I am trying to implement a model that projects a vector to a fixed lower dimension and then after passing it through an LSTM and some other layers, performs the inverse with the same Linear layer.

To be more precise, we perform the following operations:

y = W * x (as a Linear layer)
...
(perform some processing on x to get k)
...
output = W' * k (how to do this with a Linear layer?)

As you can see, the first and last operation use the same layer weights. Can anyone let me know what is the correct way to do this in PyTorch?

Kaixhin · January 17, 2018, 3:33am

There’s multiple solutions. The simplest is to literally use the matrix multiply operation as you did here, applying it to a Variable and the transpose of the same Variable. If you set requires_grad=True on the Variable you’ll also be able to get back gradients to use in training.

varunagrawal · January 17, 2018, 10:41pm

Is it possible to do with Linear layers? Your solution seems to rely on using a Variable weight matrix.
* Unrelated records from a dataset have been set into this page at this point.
Lemma gm_id p : leI p d -> pmap x p p = idm (vert x p).
Proof. by case: Hx => H _; apply: H. Qed.
Lemma gm_rg p q : lek p q -> leI q d -> rg (pmap x p q) = vert x p.
Proof. by case: Hx => _ [H _] ??; case: (H p q). Qed.
Lemma gm_sc p q : lek p q -> leI q d -> sc (pmap x p q) = vert x q.
Proof. by case: Hx => _ [H _] ??; case: (H p q). Qed.
Lemma gm_deg p q : lek p q -> leI q d -> deg (pmap x p q) = subk q p.
Proof. by case: Hx => _ [_ [H _]]; apply: H. Qed.
Lemma gm_comp p q t : lek p q -> lek q t -> leI t d ->
  cmp (pmap x p q) (pmap x q t) = pmap x p t.
Proof. by case: Hx => _ [_ [_ H]]; apply: H. Qed.
Lemma gm_sc_rg p q t : lek p q -> lek q t -> leI t d -> sc (pmap x p q) = rg (pmap x q t).
Proof. by move=> Hpq Hqt Ht; rewrite gm_sc ?gm_rg //; apply: lek_leI_trans Ht. Qed.

Lemma gm_seg_from p q : lek p q -> leI q d -> pmap x p q = seg_from (pmap x (zerok k) q) p.
Proof.
move=> H Hq; have H0 := le0k p.
have := factor_unique HG (gm_sc_rg H0 H Hq) (gm_comp H0 H Hq).
rewrite gm_deg ?(lek_leI_trans H) //; case=> _ ->; congr seg_from; nk_lia.
Qed.

Lemma gm_split p t u : lek p t -> lek t u -> leI u d ->
  pmap x p t = seg_to (pmap x p u) (subk t p) /\
  pmap x t u = seg_from (pmap x p u) (subk t p).
Proof.
move=> Hpt Htu Hu; have Ht := lek_leI_trans Htu Hu.
have := factor_unique HG (gm_sc_rg Hpt Htu Hu) (gm_comp Hpt Htu Hu).
by rewrite gm_deg.
Qed.

End GraphMorphismFacts.

Section CoherentFamily.
Variables (d : NInf k) (W : Nk k -> Mor G).
Hypothesis W_deg : forall q, leI q d -> lek q (deg (W q)).
Hypothesis W_coherent :
  forall q q', lek q q' -> leI q' d -> seg_to (W q') q = seg_to (W q) q.

Definition initial_segment q := seg_to (W q) q.

Definition path_of_family : kpath G :=
  KPath d (fun a b => seg_from (initial_segment b) a).

Local Notation Z := initial_segment.

Lemma initial_segment_deg q : leI q d -> deg (Z q) = q.
Proof. by move=> H; rewrite (deg_seg_to HG) //; apply: W_deg. Qed.

Lemma seg_to_initial_segment q q' : lek q q' -> leI q' d -> seg_to (Z q') q = Z q.
Proof.
by move=> H H'; rewrite /initial_segment (seg_to_seg_to HG) ?W_coherent ?W_deg.
Qed.

Lemma lek_initial_segment q q' : lek q q' -> leI q' d -> lek q (deg (Z q')).
Proof. by move=> H H'; rewrite initial_segment_deg. Qed.

Lemma sc_initial_segment q q' : lek q q' -> leI q' d -> sc (Z q) = rg (seg_from (Z q') q).
Proof.
by move=> H H'; rewrite -(sc_seg_to HG (lek_initial_segment H H')) seg_to_initial_segment.
Qed.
smth · January 17, 2018, 11:14pm

m = nn.Linear(100, 200)
x = Variable(torch.randn(20, 100))

y = m(x)
...
(perform some processing on x to get k)
...
output = torch.matmul(m.weight.t(), k)

varunagrawal · January 17, 2018, 11:22pm

Awesome! And I assume autograd will take care of applying the gradients correctly?

smth · January 17, 2018, 11:40pm

yes. […]

varunagrawal · January 17, 2018, 11:42pm

Sweet! Thanks Soumith.